When you change firms, it is essential that you keeping your online professional image up to date.

If you don’t change old names and logos on your website or blog, you could receive a cease and desist letter from your former firm, says Loic Jeanjean, online marketing director with Vancouver-based Advisor Websites. That’s one piece of correspondence you don’t want to receive, especially when starting at a new position.

While deleting old websites and blogs is important, you should try to keep some continuity so you can still be found online.

Follow this expert advice to delete your professional Internet past while making it easy for clients and prospects to find you:

> Keep the domain name
Retaining your old domain name helps you maintain continuity.

A domain name is the web address (for example, johnsmithfinancial.com). If your domain name is not connected with that of your old firm, it’s best to keep it. This way, you can build on previous web searches for your site, says Jeanjean.

When a large number of searches for words and phrases connected with your site occur (search engine optimization or SEO) and many links to your domain name take place, search engines like Google will create an index for you. The better your SEO (more searches over time), the higher your name is placed on a list when someone does a keyword search.

> Don’t disappear right away
You don’t have to delete your website immediately.

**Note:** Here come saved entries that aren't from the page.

(* Let $I$ be an ideal of $\mathbb{C}[K^{\pm1},C_1]$ and let $w=\sum_{(j,k,l)\in\mathbb{Z}_+\times\mathbb{Z}_+\times\mathbb{Z}}F_2^jF_3^kK_2^lQ_{j,k,l}v_\eta$, where $Q_{j,k,l}\in\mathbb{C}[K^{\pm1},C_1]$ and only finitely many are nonzero. Then $w\in W(\eta,I)$ if and only if $Q_{j,k,l}\in I$ for all $(j,k,l)$.
   Context: Fix $q\in\mathbb{C}\setminus\{0\}$ not a root of unity. $U=U_q(\mathfrak{sl}_3)$ is the associative $\mathbb{C}$-algebra generated by $E_1,E_2,F_1,F_2,K_1^{\pm1},K_2^{\pm1}$ subject to $K_iK_i^{-1}=K_i^{-1}K_i=1$, $K_1K_2=K_2K_1$, $[E_i,F_j]=\delta_{ij}\frac{K_i-K_i^{-1}}{q-q^{-1}}$, $K_iE_jK_i^{-1}=q^{a_{ij}}E_j$, $K_iF_jK_i^{-1}=q^{-a_{ij}}F_j$ for $i,j\in\{1,2\}$ with $a_{11}=a_{22}=2$, $a_{12}=a_{21}=-1$, and the quantum Serre relations $E_i^2E_j-(q+q^{-1})E_iE_jE_i+E_jE_i^2=0$, $F_i^2F_j-(q+q^{-1})F_iF_jF_i+F_jF_i^2=0$ for $i\neq j$. Let $U^+$ be the subalgebra generated by $E_1,E_2$, and $F_3=F_1F_2-qF_2F_1$. Fix $\alpha\in\mathbb{C}\setminus\{0\}$ and let $\eta:U^+\to\mathbb{C}$ be the algebra homomorphism with $\eta(E_1)=\alpha$, $\eta(E_2)=0$. $M(\eta)=U\otimes_{U^+}\mathbb{C}v_\eta$, where $xv_\eta=\eta(x)v_\eta$ for $x\in U^+$. Put $K=K_1K_2^2$, $C_1=F_1E_1+\frac{qK_1+q^{-1}K_1^{-1}}{(q-q^{-1})^2}$; $\mathbb{C}[K^{\pm1},C_1]$ is the commutative subalgebra they generate. For an ideal $I$ of $\mathbb{C}[K^{\pm1},C_1]$, $W(\eta,I)=U\,Iv_\eta\subseteq M(\eta)$. *)

From HB Require Import structures.
From mathcomp Require Import all_boot all_order all_algebra.
From mathcomp Require Import complex.
From mathcomp Require Import reals.
Set Implicit Arguments. Unset Strict Implicit. Unset Printing Implicit Defensive.
Import Order.TTheory GRing.Theory Num.Theory.
Local Open Scope ring_scope.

Instead, set up a forwarding page explaining why the website has moved, says Jeanjean.

After three to six months, you can shut down the site by logging into the host — the firm from which you rent space or bandwidth to publish your website — and cancelling your subscription, Jeanjean says.

While cancelling your package with the host is easy enough to do yourself, you may need some help from a web designer in creating the forwarding page.

> Save everything
Before cancelling any material online, make sure you’ve saved it.

That includes all the content that was on the site, including photos, says Jeanjean. As soon as you delete the site by cancelling your hosting package, everything will be permanently erased and you will be unable to retrieve it.

> Be selective with blog posts
Think twice about what you delete and what you keep when it comes to old blog posts.

If you have endorsements, logos or comments regarding a previous employer or carrier, you should delete the blog to avoid any conflict, says Jeanjean. Once you delete the blog it will be gone from the Internet within 48 hours.

You can keep blog posts that refer to your services generically.